None of this is to get any "woe is me" stuff out there, but to set the stage for why the following doesn't make sense to me.

My family has taken to watching Relative Race.  I hadn't heard of it until a month or two ago?  I've sat in on a couple episodes.  I just don't get it.  People that they've never met have an instant connection because of their DNA?  Where does this come from?  Why is it so important?  What is it about someone that you've never met, someone that you know nothing about, never had any kind of relationship with supposed to all of a sudden be meaningful to you simply because you share some sequence of the same four nucleotides found in all life forms?  I don't feel a kinship to a snail even though I share over 98% of my genetic code with it.  Why do people feel something simply because they realize less than 100th of 1% of their genes are the same as someone else?

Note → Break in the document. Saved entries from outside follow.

Lemma support_iv_xor : is_iv (F i) = ~~ is_iv (F j).
Proof.
have := edim_two_points (E := F) i_ne_j; case: F_supp => _ -> _.
have iv k : k != i -> k != j -> is_iv (F k).
  move=> ki kj; have [_ rho_nonint _] := rho_ok k.
  exact: nonint_in_comp_iv rho_nonint (support_rho ki kj).
by move/(_ iv); case: (is_iv (F i)); case: (is_iv (F j)) => /=; lia.
Qed.

Lemma support_i_open : is_iv (F i) -> mem_ent F z1 \/ mem_ent F z2.
Proof.
move=> Fi_iv; have Fj_pt : ~~ is_iv (F j) by rewrite -support_iv_xor.
have [b'_clF nb'F] := b'F.
have b'j_F : in_comp (F j) (b' j) by move: (b'_clF j) Fj_pt; case: (F j).
case Fi: (F i) Fi_iv => [//|lo hi] _.
have lt_lohi : (lo < hi)%N by have := inv_valid M_inv i MF; rewrite Fi => /andP[].
have [xi_open|xi_not_open] := pselect (lo%:R < x i < hi%:R).
  by case: nb'F; apply: support_mem b'_other _ b'j_F; rewrite Fi b'_i.
have z1_rho k : k != i -> k != j -> z1 k = rho k.
  by move=> ki kj; rewrite /z1 (negbTE ki) b'_other.
have z2_rho k : k != i -> k != j -> z2 k = rho k.
  by move=> ki kj; rewrite /z2 (negbTE ki) b'_other.
have := b'_clF i; rewrite Fi b'_i => /cl_not_open_end/(_ xi_not_open)[] e;
  [left; apply: support_mem z1_rho _ _ | right; apply: support_mem z2_rho _ _];
  rewrite /z1 /z2 ?(negbTE j_ne_i) ?eqxx ?Fi ?e //=.
- by rewrite addhalf_gt_nat addhalf_lt_nat leqnn.
- by rewrite subhalf_gt_nat subhalf_lt_nat leqnn andbT.
Qed.

Let w' k := if k == j then step_off tj (v j) else b' k.

Lemma support_j_open : is_iv (F j) -> mem_ent F z0.
Proof.
move=> Fj_iv; have Fi_pt : ~~ is_iv (F i) by rewrite support_iv_xor negbK.
have [b'_clF nb'F] := b'F.
have b'i_F : in_comp (F i) (b' i) by move: (b'_clF i) Fi_pt; case: (F i).
case Fj: (F j) Fj_iv => [//|lo hi] _.
have lt_lohi : (lo < hi)%N by have := inv_valid M_inv j MF; rewrite Fj => /andP[].
have [tj_open|tj_not_open] := pselect (lo%:R < b' j < hi%:R).
  by case: nb'F; apply: (support_mem b'_other b'i_F); rewrite Fj.
have tj_end : tj = lo \/ tj = hi.
  have := b'_clF j; rewrite Fj => /cl_not_open_end/(_ tj_not_open).
  by rewrite b'_j; case=> /natr_inj; [left | right].
have off_out : ~ (lo%:R < step_off tj (v j) < hi%:R).
  move=> off_in; apply: T_ne_Q2.
  have w'_rho k : k != i -> k != j -> w' k = rho k.
    by move=> ki kj; rewrite /w' (negbTE kj) b'_other.
  have w'F : mem_ent F w'.
    by apply: (support_mem w'_rho); rewrite /w' ?(negbTE i_ne_j) ?eqxx ?Fj.
  have w'Q2 : mem_ent Q2 w'.
    move=> k; rewrite /w'; have [->|kj] := eqVneq k j; first exact: Q2j_step.
    have [->|ki] := eqVneq k i; first by rewrite b'_i.
    by rewrite b'_other //; apply: Q2_rho.
  have FQ2 : F = Q2.
    by apply: (inv_disjoint M_inv) => // k; exact: comp_meets_of_mem (w'F k) (w'Q2 k).
  by have := Q2_cell i; rewrite -FQ2 (negbTE Fi_pt).
have z0_rho k : k != i -> k != j -> z0 k = rho k.
  by move=> ki kj; rewrite /z0 (negbTE kj) b'_other.
apply: (support_mem z0_rho); rewrite /z0 ?(negbTE i_ne_j) ?eqxx ?Fj //.
exact: step_off_opp_in_iv lt_lohi tj_end vj_ne0 off_out.
Qed.

Lemma support_witness : exists2 n, (n < 3)%N & mem_ent F (nth z0 [:: z0; z1; z2] n).
Proof.
case Fi: (is_iv (F i)).
  by have [z1F|z2F] := support_i_open Fi; [exists 1%N | exists 2%N].
have Fj : is_iv (F j) by rewrite -[is_iv (F j)]negbK -support_iv_xor Fi.
by exists 0%N => //; apply: support_j_open.
Qed.

End Support.

Lemma T_few_supports : ~ exists F1 F2 F3 F4,
  [/\ F1 <> F2, F1 <> F3 & F1 <> F4] /\ [/\ F2 <> F3, F2 <> F4 & F3 <> F4] /\
  [/\ supports R M T F1, supports R M T F2, supports R M T F3 & supports R M T F4].
Proof.
move=> [F1 [F2 [F3 [F4 [[n12 n13 n14] [[n23 n24 n34] [s1 s2 s3 s4]]]]]]].
have same F F' n : supports R M T F -> supports R M T F' ->
    mem_ent F (nth z0 [:: z0; z1; z2] n) -> mem_ent F' (nth z0 [:: z0; z1; z2] n) -> F = F'.
  move=> [MF _ _] [MF' _ _] zF zF'; apply: (inv_disjoint M_inv) => // k.
  exact: comp_meets_of_mem (zF k) (zF' k).
have [a1 lt1 m1] := support_witness s1; have [a2 lt2 m2] := support_witness s2.
have [a3 lt3 m3] := support_witness s3; have [a4 lt4 m4] := support_witness s4.
have : a1 = a2 \/ a1 = a3 \/ a1 = a4 \/ a2 = a3 \/ a2 = a4 \/ a3 = a4 by lia.
case=> [e|[e|[e|[e|[e|e]]]]].
- by apply: n12; apply: (same _ _ a1 s1 s2 m1); rewrite e.
- by apply: n13; apply: (same _ _ a1 s1 s3 m1); rewrite e.
- by apply: n14; apply: (same _ _ a1 s1 s4 m1); rewrite e.
- by apply: n23; apply: (same _ _ a2 s2 s3 m2); rewrite e.
- by apply: n24; apply: (same _ _ a2 s2 s4 m2); rewrite e.
- by apply: n34; apply: (same _ _ a3 s3 s4 m3); rewrite e.
Qed.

While I understand the gospel principle of the Spirit of Elijah:

1) What I see on the show is not nearly the same thing in my mind because these people are not LDS and do not have any welding links that go back four or five generations to someone they found way back when.
2) I just don't have the Spirit of Elijah anyway.  I really have zero motivation to actually do any family history.  I've been dragging my feet because I just can't get into it.

So, I'm asking for advice on two things:

1) Understanding why DNA means something to people.
2) Help me understand the Spirit of Elijah.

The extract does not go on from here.